[Data records]

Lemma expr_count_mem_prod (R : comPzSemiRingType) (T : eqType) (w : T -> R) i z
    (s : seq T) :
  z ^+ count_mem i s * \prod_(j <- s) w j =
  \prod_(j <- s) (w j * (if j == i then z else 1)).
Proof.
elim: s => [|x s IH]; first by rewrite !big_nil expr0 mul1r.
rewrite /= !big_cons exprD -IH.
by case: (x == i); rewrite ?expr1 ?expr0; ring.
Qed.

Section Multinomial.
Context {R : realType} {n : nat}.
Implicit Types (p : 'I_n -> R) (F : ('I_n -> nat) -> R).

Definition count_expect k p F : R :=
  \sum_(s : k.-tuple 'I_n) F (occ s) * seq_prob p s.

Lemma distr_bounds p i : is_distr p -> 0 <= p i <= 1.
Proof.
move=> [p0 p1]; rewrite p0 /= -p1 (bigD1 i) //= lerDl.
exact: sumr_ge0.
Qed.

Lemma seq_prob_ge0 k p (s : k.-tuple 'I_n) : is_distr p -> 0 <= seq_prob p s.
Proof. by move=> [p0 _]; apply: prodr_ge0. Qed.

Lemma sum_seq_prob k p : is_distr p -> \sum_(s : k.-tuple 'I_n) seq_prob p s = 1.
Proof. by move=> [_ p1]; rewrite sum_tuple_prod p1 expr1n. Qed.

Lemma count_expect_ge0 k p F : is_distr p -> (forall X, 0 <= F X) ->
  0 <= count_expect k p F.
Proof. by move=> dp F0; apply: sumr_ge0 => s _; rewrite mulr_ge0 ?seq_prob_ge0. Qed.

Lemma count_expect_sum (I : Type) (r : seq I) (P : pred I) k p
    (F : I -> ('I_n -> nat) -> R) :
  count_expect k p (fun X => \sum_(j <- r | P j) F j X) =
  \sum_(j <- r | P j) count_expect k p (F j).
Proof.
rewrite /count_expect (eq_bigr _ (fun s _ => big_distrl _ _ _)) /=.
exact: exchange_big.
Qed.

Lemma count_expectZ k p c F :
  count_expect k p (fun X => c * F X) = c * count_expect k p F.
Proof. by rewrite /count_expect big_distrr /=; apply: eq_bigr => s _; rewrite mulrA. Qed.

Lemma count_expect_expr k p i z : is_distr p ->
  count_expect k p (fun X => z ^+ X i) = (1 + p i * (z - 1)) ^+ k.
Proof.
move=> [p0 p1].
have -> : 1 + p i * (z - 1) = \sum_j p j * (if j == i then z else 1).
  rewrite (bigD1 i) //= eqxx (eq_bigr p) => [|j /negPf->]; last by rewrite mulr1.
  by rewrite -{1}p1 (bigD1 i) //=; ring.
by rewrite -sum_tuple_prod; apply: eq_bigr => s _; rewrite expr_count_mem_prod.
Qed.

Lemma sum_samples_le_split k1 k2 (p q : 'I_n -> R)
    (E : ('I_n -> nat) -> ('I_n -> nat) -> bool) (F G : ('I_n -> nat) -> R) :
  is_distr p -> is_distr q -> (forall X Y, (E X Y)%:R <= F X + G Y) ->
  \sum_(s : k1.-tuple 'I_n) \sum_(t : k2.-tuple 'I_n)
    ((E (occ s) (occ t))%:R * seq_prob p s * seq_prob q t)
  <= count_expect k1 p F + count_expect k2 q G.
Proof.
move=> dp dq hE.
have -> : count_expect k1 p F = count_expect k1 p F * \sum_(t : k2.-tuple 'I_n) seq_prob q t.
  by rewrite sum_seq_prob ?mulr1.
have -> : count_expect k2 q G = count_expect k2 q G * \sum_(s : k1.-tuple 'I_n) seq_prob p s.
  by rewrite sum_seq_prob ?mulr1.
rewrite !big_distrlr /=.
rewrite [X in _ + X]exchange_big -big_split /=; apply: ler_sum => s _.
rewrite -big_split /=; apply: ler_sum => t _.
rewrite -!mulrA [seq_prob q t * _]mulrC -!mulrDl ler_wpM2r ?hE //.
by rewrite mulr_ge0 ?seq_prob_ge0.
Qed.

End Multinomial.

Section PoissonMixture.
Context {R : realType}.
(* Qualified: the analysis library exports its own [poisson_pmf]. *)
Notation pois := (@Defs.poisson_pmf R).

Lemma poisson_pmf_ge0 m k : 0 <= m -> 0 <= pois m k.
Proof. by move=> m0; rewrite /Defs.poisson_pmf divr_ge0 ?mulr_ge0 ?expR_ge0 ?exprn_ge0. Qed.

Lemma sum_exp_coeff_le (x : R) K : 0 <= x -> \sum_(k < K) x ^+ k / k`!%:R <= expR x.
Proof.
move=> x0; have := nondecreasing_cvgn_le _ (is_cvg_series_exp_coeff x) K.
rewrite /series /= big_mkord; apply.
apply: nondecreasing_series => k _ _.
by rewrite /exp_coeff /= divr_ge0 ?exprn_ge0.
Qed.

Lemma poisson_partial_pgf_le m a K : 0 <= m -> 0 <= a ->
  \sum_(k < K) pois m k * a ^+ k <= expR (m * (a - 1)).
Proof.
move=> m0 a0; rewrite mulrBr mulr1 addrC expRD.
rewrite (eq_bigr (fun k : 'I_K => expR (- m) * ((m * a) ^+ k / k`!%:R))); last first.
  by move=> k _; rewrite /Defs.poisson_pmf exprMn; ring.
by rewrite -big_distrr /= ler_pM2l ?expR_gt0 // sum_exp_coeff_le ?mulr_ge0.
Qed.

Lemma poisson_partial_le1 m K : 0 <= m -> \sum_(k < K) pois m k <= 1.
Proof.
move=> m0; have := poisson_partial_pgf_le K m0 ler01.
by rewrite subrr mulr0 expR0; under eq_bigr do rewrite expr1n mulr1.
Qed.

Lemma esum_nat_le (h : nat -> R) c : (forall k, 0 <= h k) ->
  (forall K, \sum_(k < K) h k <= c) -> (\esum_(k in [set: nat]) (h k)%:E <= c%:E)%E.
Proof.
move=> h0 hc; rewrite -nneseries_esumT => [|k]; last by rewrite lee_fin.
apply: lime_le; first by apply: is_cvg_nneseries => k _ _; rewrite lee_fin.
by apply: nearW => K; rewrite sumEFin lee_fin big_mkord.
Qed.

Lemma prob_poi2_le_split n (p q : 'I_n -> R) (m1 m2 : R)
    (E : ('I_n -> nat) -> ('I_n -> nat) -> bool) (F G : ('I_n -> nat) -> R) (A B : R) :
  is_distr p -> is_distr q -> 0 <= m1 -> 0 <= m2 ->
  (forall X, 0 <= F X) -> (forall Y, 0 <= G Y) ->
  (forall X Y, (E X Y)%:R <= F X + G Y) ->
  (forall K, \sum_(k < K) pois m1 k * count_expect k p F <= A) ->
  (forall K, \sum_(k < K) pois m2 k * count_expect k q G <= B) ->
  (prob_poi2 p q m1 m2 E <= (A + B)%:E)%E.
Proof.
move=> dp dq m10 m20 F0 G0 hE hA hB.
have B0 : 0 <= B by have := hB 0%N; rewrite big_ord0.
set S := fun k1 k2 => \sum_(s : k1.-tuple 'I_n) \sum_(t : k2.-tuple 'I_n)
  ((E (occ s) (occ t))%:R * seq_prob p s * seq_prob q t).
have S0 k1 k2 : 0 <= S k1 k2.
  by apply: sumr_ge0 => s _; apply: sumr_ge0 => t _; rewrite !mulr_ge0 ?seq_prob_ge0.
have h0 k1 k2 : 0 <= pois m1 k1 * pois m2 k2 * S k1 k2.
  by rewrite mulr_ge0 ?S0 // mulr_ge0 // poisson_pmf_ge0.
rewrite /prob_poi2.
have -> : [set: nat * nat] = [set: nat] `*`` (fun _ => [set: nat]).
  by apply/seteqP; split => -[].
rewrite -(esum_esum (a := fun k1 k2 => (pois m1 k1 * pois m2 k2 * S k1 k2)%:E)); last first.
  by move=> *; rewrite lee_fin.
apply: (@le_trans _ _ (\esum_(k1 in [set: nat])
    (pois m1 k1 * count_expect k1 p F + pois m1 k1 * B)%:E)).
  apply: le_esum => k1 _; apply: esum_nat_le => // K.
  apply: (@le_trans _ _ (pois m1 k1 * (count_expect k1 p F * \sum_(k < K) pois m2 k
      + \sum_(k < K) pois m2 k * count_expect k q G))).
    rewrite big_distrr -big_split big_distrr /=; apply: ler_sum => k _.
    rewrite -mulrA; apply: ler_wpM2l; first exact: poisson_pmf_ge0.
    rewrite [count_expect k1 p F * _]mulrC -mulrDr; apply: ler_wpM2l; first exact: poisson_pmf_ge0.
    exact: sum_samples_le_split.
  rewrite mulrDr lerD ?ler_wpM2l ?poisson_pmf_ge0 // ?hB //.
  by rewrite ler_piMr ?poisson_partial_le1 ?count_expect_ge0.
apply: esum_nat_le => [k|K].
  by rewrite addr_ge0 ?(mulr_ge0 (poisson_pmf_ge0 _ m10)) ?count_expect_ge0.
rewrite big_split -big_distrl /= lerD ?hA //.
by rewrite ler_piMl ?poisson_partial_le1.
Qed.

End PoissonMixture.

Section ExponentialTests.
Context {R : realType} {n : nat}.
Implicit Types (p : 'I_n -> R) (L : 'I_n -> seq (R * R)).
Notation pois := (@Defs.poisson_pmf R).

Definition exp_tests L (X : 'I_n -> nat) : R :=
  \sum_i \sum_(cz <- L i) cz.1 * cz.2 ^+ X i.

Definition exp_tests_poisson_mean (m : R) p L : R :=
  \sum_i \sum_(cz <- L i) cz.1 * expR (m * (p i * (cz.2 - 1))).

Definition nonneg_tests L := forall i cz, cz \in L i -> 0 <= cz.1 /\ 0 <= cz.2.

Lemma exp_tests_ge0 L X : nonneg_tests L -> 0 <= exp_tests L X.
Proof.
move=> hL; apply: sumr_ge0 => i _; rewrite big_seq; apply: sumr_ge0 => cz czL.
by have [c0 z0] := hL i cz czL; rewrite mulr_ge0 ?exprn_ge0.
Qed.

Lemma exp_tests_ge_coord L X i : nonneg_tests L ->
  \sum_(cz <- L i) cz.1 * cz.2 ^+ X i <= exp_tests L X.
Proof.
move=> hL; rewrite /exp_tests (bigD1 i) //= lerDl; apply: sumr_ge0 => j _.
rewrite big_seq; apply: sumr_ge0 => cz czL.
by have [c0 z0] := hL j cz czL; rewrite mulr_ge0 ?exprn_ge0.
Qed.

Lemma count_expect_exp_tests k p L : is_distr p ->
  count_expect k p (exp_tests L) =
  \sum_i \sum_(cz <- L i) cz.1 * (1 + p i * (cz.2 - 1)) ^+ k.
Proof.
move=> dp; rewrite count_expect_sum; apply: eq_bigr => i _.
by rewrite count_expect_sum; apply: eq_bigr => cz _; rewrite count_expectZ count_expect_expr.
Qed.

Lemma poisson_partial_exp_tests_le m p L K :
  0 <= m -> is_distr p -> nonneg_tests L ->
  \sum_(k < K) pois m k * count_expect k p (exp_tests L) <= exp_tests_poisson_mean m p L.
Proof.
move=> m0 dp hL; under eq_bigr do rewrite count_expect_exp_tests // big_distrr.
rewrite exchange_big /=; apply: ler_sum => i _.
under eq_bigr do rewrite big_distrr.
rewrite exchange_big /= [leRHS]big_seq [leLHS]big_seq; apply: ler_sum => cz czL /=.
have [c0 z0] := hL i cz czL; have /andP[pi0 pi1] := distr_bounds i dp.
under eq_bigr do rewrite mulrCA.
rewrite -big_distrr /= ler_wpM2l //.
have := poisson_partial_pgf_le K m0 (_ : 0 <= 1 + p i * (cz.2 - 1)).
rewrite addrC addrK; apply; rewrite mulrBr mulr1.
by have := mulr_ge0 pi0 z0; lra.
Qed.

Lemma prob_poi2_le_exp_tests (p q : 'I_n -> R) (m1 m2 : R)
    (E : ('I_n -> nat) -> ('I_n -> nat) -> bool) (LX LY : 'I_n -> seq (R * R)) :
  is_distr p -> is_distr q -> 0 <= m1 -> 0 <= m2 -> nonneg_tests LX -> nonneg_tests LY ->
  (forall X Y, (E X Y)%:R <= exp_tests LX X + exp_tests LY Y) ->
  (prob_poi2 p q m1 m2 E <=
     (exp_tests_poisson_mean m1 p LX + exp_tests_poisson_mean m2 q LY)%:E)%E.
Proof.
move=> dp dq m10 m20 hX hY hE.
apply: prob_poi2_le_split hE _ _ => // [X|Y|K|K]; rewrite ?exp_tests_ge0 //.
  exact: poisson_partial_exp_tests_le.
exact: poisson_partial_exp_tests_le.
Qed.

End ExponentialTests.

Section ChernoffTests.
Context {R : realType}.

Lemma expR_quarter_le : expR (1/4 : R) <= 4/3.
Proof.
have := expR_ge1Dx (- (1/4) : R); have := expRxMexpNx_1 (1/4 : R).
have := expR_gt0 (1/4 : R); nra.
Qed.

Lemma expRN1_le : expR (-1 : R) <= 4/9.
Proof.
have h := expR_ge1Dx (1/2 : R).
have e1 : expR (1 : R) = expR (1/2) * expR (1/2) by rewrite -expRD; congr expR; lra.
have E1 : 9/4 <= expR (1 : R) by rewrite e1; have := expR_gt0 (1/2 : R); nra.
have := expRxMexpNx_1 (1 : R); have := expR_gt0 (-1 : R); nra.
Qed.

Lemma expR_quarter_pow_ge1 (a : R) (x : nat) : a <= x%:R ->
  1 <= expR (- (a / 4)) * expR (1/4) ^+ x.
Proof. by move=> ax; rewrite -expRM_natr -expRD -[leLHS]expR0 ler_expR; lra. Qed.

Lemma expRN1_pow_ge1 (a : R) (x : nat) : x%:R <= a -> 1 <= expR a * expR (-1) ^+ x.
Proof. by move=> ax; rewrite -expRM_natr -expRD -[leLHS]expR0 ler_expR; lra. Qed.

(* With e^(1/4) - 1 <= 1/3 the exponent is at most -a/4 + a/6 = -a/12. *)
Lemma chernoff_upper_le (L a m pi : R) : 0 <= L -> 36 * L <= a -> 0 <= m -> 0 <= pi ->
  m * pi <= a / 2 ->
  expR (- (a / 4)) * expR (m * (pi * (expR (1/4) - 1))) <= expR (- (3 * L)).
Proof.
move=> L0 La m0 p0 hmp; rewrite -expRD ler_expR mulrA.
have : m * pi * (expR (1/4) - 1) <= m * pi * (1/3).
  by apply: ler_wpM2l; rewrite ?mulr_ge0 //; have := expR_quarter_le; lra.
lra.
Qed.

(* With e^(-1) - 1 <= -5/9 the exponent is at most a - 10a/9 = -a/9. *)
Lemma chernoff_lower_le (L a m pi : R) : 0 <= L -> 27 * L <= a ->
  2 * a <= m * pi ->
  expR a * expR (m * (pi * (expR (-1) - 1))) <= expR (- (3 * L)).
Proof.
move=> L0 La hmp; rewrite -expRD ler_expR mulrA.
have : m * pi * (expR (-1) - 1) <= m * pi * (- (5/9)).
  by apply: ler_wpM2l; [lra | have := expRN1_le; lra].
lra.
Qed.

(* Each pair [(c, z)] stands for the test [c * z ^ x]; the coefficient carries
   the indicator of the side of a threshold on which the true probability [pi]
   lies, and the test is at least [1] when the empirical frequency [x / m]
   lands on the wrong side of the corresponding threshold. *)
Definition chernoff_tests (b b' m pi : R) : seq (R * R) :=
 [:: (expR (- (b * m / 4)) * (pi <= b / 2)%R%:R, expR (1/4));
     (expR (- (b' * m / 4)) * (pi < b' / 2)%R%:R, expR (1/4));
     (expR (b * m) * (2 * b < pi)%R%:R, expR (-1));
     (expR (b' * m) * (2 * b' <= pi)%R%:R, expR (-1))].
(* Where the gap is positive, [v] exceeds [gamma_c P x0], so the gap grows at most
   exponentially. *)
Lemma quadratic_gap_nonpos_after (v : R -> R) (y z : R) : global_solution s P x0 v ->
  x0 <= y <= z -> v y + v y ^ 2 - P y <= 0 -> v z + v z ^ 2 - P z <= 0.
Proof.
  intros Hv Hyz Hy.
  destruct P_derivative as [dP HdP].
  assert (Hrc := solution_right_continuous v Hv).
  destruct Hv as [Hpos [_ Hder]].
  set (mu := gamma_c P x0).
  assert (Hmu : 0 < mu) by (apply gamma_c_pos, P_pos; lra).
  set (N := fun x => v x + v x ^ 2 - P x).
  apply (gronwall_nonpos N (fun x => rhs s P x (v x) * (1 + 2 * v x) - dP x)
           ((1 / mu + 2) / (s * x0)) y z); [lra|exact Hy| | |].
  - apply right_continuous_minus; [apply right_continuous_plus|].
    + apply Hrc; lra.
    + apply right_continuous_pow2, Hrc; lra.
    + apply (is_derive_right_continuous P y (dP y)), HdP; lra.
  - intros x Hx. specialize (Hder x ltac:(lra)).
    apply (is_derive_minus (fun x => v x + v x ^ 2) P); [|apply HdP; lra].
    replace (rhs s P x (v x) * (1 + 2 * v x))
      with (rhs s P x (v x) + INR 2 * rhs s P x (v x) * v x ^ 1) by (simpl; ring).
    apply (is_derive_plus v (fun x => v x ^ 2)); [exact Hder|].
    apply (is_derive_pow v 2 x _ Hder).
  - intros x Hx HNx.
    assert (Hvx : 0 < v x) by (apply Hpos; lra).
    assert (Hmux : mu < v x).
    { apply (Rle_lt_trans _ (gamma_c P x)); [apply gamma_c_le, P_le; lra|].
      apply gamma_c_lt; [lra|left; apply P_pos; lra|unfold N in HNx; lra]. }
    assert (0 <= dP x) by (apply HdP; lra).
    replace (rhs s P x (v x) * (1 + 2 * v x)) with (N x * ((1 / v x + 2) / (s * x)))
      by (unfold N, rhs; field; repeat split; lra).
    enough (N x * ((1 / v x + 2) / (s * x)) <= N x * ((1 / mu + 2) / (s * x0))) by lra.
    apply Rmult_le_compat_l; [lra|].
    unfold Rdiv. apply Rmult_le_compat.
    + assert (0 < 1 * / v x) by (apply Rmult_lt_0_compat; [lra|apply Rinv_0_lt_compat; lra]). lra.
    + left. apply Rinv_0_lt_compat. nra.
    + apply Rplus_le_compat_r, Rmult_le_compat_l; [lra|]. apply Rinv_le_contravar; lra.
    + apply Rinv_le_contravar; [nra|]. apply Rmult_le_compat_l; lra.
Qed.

* **Work task**
Counting only lines that contain the word "replace", how many are there in the records above? Give the number alone.

* **Solution for this problem**
2